With the GNTL energized and connected to Manitoba Hydro's recently completed Manitoba-Minnesota Transmission Project at the border, the companies now have a unique "wind storage" mechanism that quickly balances energy supply and demand in Minnesota and Manitoba, and enables a larger role for renewables in the North American energy grid.
The GNTL and its delivery of carbon-free hydropower are important components of Minnesota Power's EnergyForward strategy to transition away from coal and add renewable power sources while maintaining reliable and affordable service for customers, echoing interties like the Maritime Link that facilitate regional power flows. It also is part of a broader ALLETE strategy to advance and invest in critical regional transmission and distribution infrastructure, such as the TransWest Express transmission project, to ensure grid integrity and enable cleaner energy to reduce carbon emissions.
"The seed for this renewable energy initiative was planted in 2008 when Minnesota Power proposed purchasing 250 megawatts of hydropower from Manitoba Hydro.

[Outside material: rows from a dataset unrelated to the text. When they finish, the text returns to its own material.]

(* Let $X$ be a finite set, let $N$ be a rooted phylogenetic network on $X$, and let $\widetilde{N}$ be its normalisation. Then: (a) $\widetilde{N}$ has no shortcuts, i.e. no arc $(u,v)$ such that $\widetilde{N}$ also contains a directed path of length at least $2$ from $u$ to $v$; (b) $\widetilde{N}$ is a rooted phylogenetic network on $X$.
   Context: A rooted phylogenetic network on a finite set $X$ is a finite acyclic directed graph $N$ with a single vertex of in-degree $0$ (the root $\rho$), all other vertices being of one of three types: (1) in-degree $1$ and out-degree $0$ (the leaves, which form exactly the set $X$); (2) in-degree $1$ and out-degree at least $2$; (3) out-degree $1$ and in-degree at least $2$ (reticulate vertices). A vertex $v$ of $N$ is visible if there is a leaf $x\in X$ such that every directed path from $\rho$ to $x$ passes through $v$; the root and all leaves are visible. Let $V_{\rm vis}(N)$ be the set of visible vertices. Define the directed graph ${\rm Cov}(N)$ with vertex set $V_{\rm vis}(N)$ as follows: for each pair $u\neq v$ of visible vertices such that $N$ has a directed path from $u$ to $v$, put an arc $(u,v)$; then delete every arc $(u,v)$ for which there is also a directed path of length at least $2$ from $u$ to $v$ in this graph (so ${\rm Cov}(N)$ is the Hasse diagram of the reachability partial order on $V_{\rm vis}(N)$). A vertex is subdividing if its in-degree and out-degree are both $1$. The normalisation $\widetilde{N}$ of $N$ is the directed graph obtained from ${\rm Cov}(N)$ by suppressing every subdividing vertex (i.e. replacing each maximal path whose interior vertices are subdividing by a single arc between its endpoints). *)

(* A finite digraph is a relation E : rel V on a finType V,
   restricted to a vertex set W : {set V}. *)
From mathcomp Require Import all_boot.
From mathcomp Require Import boolp.
Set Implicit Arguments. Unset Strict Implicit. Unset Printing Implicit Defensive.

Section Defs.
Variable V : finType.

Definition indeg (E : rel V) (v : V) : nat := #|[set u | E u v]|.
Definition outdeg (E : rel V) (v : V) : nat := #|[set w | E v w]|.

Definition network (W : {set V}) (E : rel V) (X : {set V}) (r : V) : Prop :=
  [/\ (forall u v, E u v -> (u \in W) && (v \in W)),
      (forall u v, E u v -> ~~ connect E v u),
      r \in W /\ indeg E r = 0,
      (forall v, v \in W -> v != r ->
         [\/ indeg E v = 1 /\ outdeg E v = 0,
             indeg E v = 1 /\ 2 <= outdeg E v
           | outdeg E v = 1 /\ 2 <= indeg E v]) &
      (forall v, v \in X <->
         [/\ v \in W, v != r, indeg E v = 1 & outdeg E v = 0])].

(* directed paths from r given as r :: p *)
Definition visible (E : rel V) (X : {set V}) (r v : V) : Prop :=
  [\/ v = r, v \in X |
      exists2 x, x \in X &
        forall p : seq V, path E r p -> last r p = x -> v \in r :: p].

Definition reachV (E : rel V) (X : {set V}) (r : V) : rel V :=
  fun u v => [&& `[< visible E X r u >], `[< visible E X r v >],
                 u != v & connect E u v].

Definition Cov (E : rel V) (X : {set V}) (r : V) : rel V :=
  fun u v => reachV E X r u v &&
    ~~ [exists w, [exists w', [&& reachV E X r u w,
                                  connect (reachV E X r) w w' &
                                  reachV E X r w' v]]].

Definition subdividing (E : rel V) (X : {set V}) (r v : V) : bool :=
  (indeg (Cov E X r) v == 1) && (outdeg (Cov E X r) v == 1).

Definition normW (E : rel V) (X : {set V}) (r : V) : {set V} :=
  [set v | `[< visible E X r v >] && ~~ subdividing E X r v].

Definition suppressed_path (E : rel V) (X : {set V}) (r u : V) (q : seq V) (v : V)
  : bool :=
  path (Cov E X r) u (rcons q v) && all (subdividing E X r) q.

Definition Ntil (E : rel V) (X : {set V}) (r : V) : rel V :=
  fun u v => [&& u \in normW E X r, v \in normW E X r &
    [exists w, Cov E X r u w &&
       connect (fun x y => subdividing E X r x && Cov E X r x y) w v]].

Definition no_shortcuts (E : rel V) : Prop :=
  forall u v, E u v ->
    ~~ [exists w, [exists w', [&& E u w, connect E w w' & E w' v]]].

End Defs.

From mathcomp Require Import all_boot boolp.
Set Implicit Arguments. Unset Strict Implicit. Unset Printing Implicit Defensive.

(* The visible vertices, ordered by reachability, form a strict order whose Hasse
   diagram is Cov(N); the normalisation replaces every maximal chain of subdividing
   vertices of Cov(N) by a single arc.  Two observations carry the proof.

   A subdividing vertex has exactly one Cov-parent and one Cov-child, so a path
   through subdividing vertices is determined by its first vertex, and also by its
   last one, up to the first non-subdividing vertex it meets.

   If a leaf x witnesses the visibility of a subdividing vertex c, then x lies below
   the whole chain starting at c, and every vertex w from which the end of the chain
   is reachable is comparable with c, because the root-to-x paths through w pass
   through c.  Hence no visible non-subdividing vertex lies strictly between the
   ends of a suppressed path, which gives (a), and distinct Cov-arcs at a
   non-subdividing vertex yield distinct arcs of the normalisation.

   Finally, the parent of a tree vertex is its unique Cov-parent and the child of a
   reticulation its unique Cov-child; being non-subdividing, such a vertex has at
   least two Cov-arcs on the other side, and these degrees pass to the
   normalisation. *)

Section Paths.
Variables (T : eqType) (e : rel T).

Lemma path_mem_in_arc a p v :
  path e a p -> v \in a :: p -> v != a -> exists2 u, u \in a :: p & e u v.
Proof.
elim: p a => [|y p IH] a /=; first by move=> _; rewrite inE => /eqP ->; rewrite eqxx.
case/andP=> eay yp; rewrite inE => /predU1P[->|vp]; first by rewrite eqxx.
have [-> _|vy _] := eqVneq v y; first by exists a; rewrite ?mem_head.
by have [u up euv] := IH y yp vp vy; exists u; rewrite // inE up orbT.
Qed.

Lemma path_mem_out_arc a p v :
  path e a p -> v \in a :: p -> v != last a p -> exists2 w, w \in p & e v w.
Proof.
elim: p a => [|y p IH] a /=; first by move=> _; rewrite inE => /eqP ->; rewrite eqxx.
case/andP=> eay yp; rewrite inE => /predU1P[-> _|vp vl]; first by exists y; rewrite ?mem_head.
by have [w wp evw] := IH y yp vp vl; exists w; rewrite // inE wp orbT.
Qed.

Lemma path_rcons_src (s : pred T) x p y :
  path (fun a b => s a && e a b) x (rcons p y) = all s (x :: p) && path e x (rcons p y).
Proof. by elim: p x => [|z p IH] x /=; rewrite ?andbT // IH andbACA. Qed.

Lemma path_rcons_rev x p y :
  path e x (rcons p y) = path [rel a b | e b a] y (rcons (rev p) x).
Proof.
have := rev_path [rel a b | e b a] x (rcons p y).
by rewrite last_rcons belast_rcons rev_cons => ->.
Qed.

Lemma path_determined (s : pred T) x p1 p2 y1 y2 :
  {in x :: p1, forall a b b', e a b -> e a b' -> b = b'} ->
  path e x (rcons p1 y1) -> path e x (rcons p2 y2) ->
  all s p1 -> all s p2 -> ~~ s y1 -> ~~ s y2 -> p1 = p2 /\ y1 = y2.
Proof.
elim: p1 x p2 => [|z1 p1 IH] x [|z2 p2] /= e_det; have x_det := e_det x (mem_head _ _).
- by move=> /andP[xy1 _] /andP[xy2 _]; rewrite (x_det _ _ xy1 xy2).
- move=> /andP[xy1 _] /andP[xz2 _] _ /andP[z2s _] y1s _.
  by rewrite (x_det _ _ xy1 xz2) z2s in y1s.
- move=> /andP[xz1 _] /andP[xy2 _] /andP[z1s _] _ _ y2s.
  by rewrite (x_det _ _ xy2 xz1) z1s in y2s.
move=> /andP[xz1 z1p1] /andP[xz2 z2p2] /andP[_ p1s] /andP[_ p2s] y1s y2s.
have eq_z := x_det _ _ xz1 xz2; rewrite -eq_z in z2p2 *.
have z1_det : {in z1 :: p1, forall a b b', e a b -> e a b' -> b = b'}.
  by move=> a a_p; apply: e_det; rewrite inE a_p orbT.
by have [-> ->] := IH z1 p2 z1_det z1p1 z2p2 p1s p2s y1s y2s.
Qed.

End Paths.

Section FiniteRelations.
Variable T : finType.
Implicit Types (e : rel T) (P : pred T).

Lemma connect_first_step e x y :
  connect e x y -> x != y -> exists2 z, e x z & connect e z y.
Proof.
move=> /connectP[[|z p] /= exy ->]; first by rewrite eqxx.
by case/andP: exy => exz ezp _; exists z => //; apply/connectP; exists p.
Qed.
Lemma hG2_box s : hG2 s = box_count s.+1 s.
Proof.
pose M := [set a : {ffun 'I_9 -> 'I_s.+1} | is_magic G2_ends (fun i => nat_of_ord (a i)) s].
pose phi (a : {ffun 'I_9 -> 'I_s.+1}) := (a (inord 0), a (inord 1), a (inord 2)).
have phi_inj : {in M &, injective phi}.
  move=> a b; rewrite !inE !is_magicG2E => mag_a mag_b.
  case=> /(congr1 (@nat_of_ord _)) eq0 /(congr1 (@nat_of_ord _)) eq1.
  move/(congr1 (@nat_of_ord _)) => eq2.
  apply/ffunP => x; apply: ord_inj; rewrite -(inord_val x).
  by case: x => [[|[|[|[|[|[|[|[|[|//]]]]]]]]] _] /=; lia.
have phi_M : phi @: M = [set p : 'I_s.+1 * 'I_s.+1 * 'I_s.+1 |
    [&& p.1.1 + p.1.2 <= s, p.1.2 + p.2 <= s & p.1.1 + p.2 <= s]%N].
  apply/setP => -[[i j] k]; rewrite !inE /=; apply/imsetP/idP => [[a] | tri_ijk].
    by rewrite inE is_magicG2E => mag_a [-> -> ->]; lia.
  pose L := [:: val i; val j; val k; val k; val i; val j;
               s - i - j; s - j - k; s - i - k]%N.
  pose a := [ffun x : 'I_9 => inord (nth 0%N L x) : 'I_s.+1].
  have aE x : (x < 9)%N -> a (inord x) = nth 0%N L x :> nat.
    move=> lt_x9; rewrite ffunE inordK // inordK // ltnS.
    by case: x lt_x9 => [|[|[|[|[|[|[|[|[|//]]]]]]]]] _ /=; lia.
  exists a; first by rewrite inE is_magicG2E !aE //=; lia.
  by rewrite /phi; congr (_, _, _); apply: ord_inj; rewrite aE.
rewrite /hG2 -(card_in_imset phi_inj) phi_M -sum1_card big_mkcond.
rewrite /box_count !pair_big /=.
by apply: eq_bigr => -[[i j] k] _; rewrite inE; case: ifP.
Qed.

Beyond the transmission line, it also included a creative asset swap to move wind power from North Dakota to Minnesota, innovative power purchase agreements, and a remarkable advocacy process to find an acceptable route for the GNTL," said ALLETE Executive Chairman Al Hodnik. "It marries wind and water in a unique connection that will help transform the energy landscape of North America and reduce carbon emissions related to the existential threat of climate change."
Minnesota Power and Manitoba Hydro, a provincial Crown Corporation, coordinated on the project from the beginning, navigating National Energy Board reviews along the way. It is based on the companies' shared values of integrity, environmental stewardship and community engagement.
"The completion of Minnesota Power's Great Northern Transmission Line and our Manitoba-Minnesota Transmission Project is a testament to the creativity, perseverance, cooperation and skills of hundreds of people over so many years on both sides of the border," said Jay Grewal, president and CEO of Manitoba Hydro. "Perhaps even more importantly, it is a testament to the wonderful, longstanding relationship between our two companies and two countries. It shows just how much we can accomplish when we all work together toward a common goal."
Minnesota Power engaged federal, state and local agencies; the sovereign Red Lake Nation and other tribes, reflecting First Nations involvement in major transmission planning; and landowners along the proposed routes beginning in 2012. Through 75 voluntary meetings and other outreach forums, a preferred route was selected with strong support from stakeholders that was approved by the Minnesota Public Utilities Commission in April 2016.
A four-year state and federal regulatory process culminated in late 2016 when the federal Department of Energy approved a Presidential Permit for the GNTL, similar to the New England Clean Power Link process, needed because of the international border crossing. Construction of the line began in early 2017.
"A robust stakeholder process is essential to the success of any project, but especially when building a project of this scope," Owen said. "We appreciated the early engagement and support from stakeholders, local communities and tribes, agencies and regulators through the many approval milestones to the completion of the GNTL."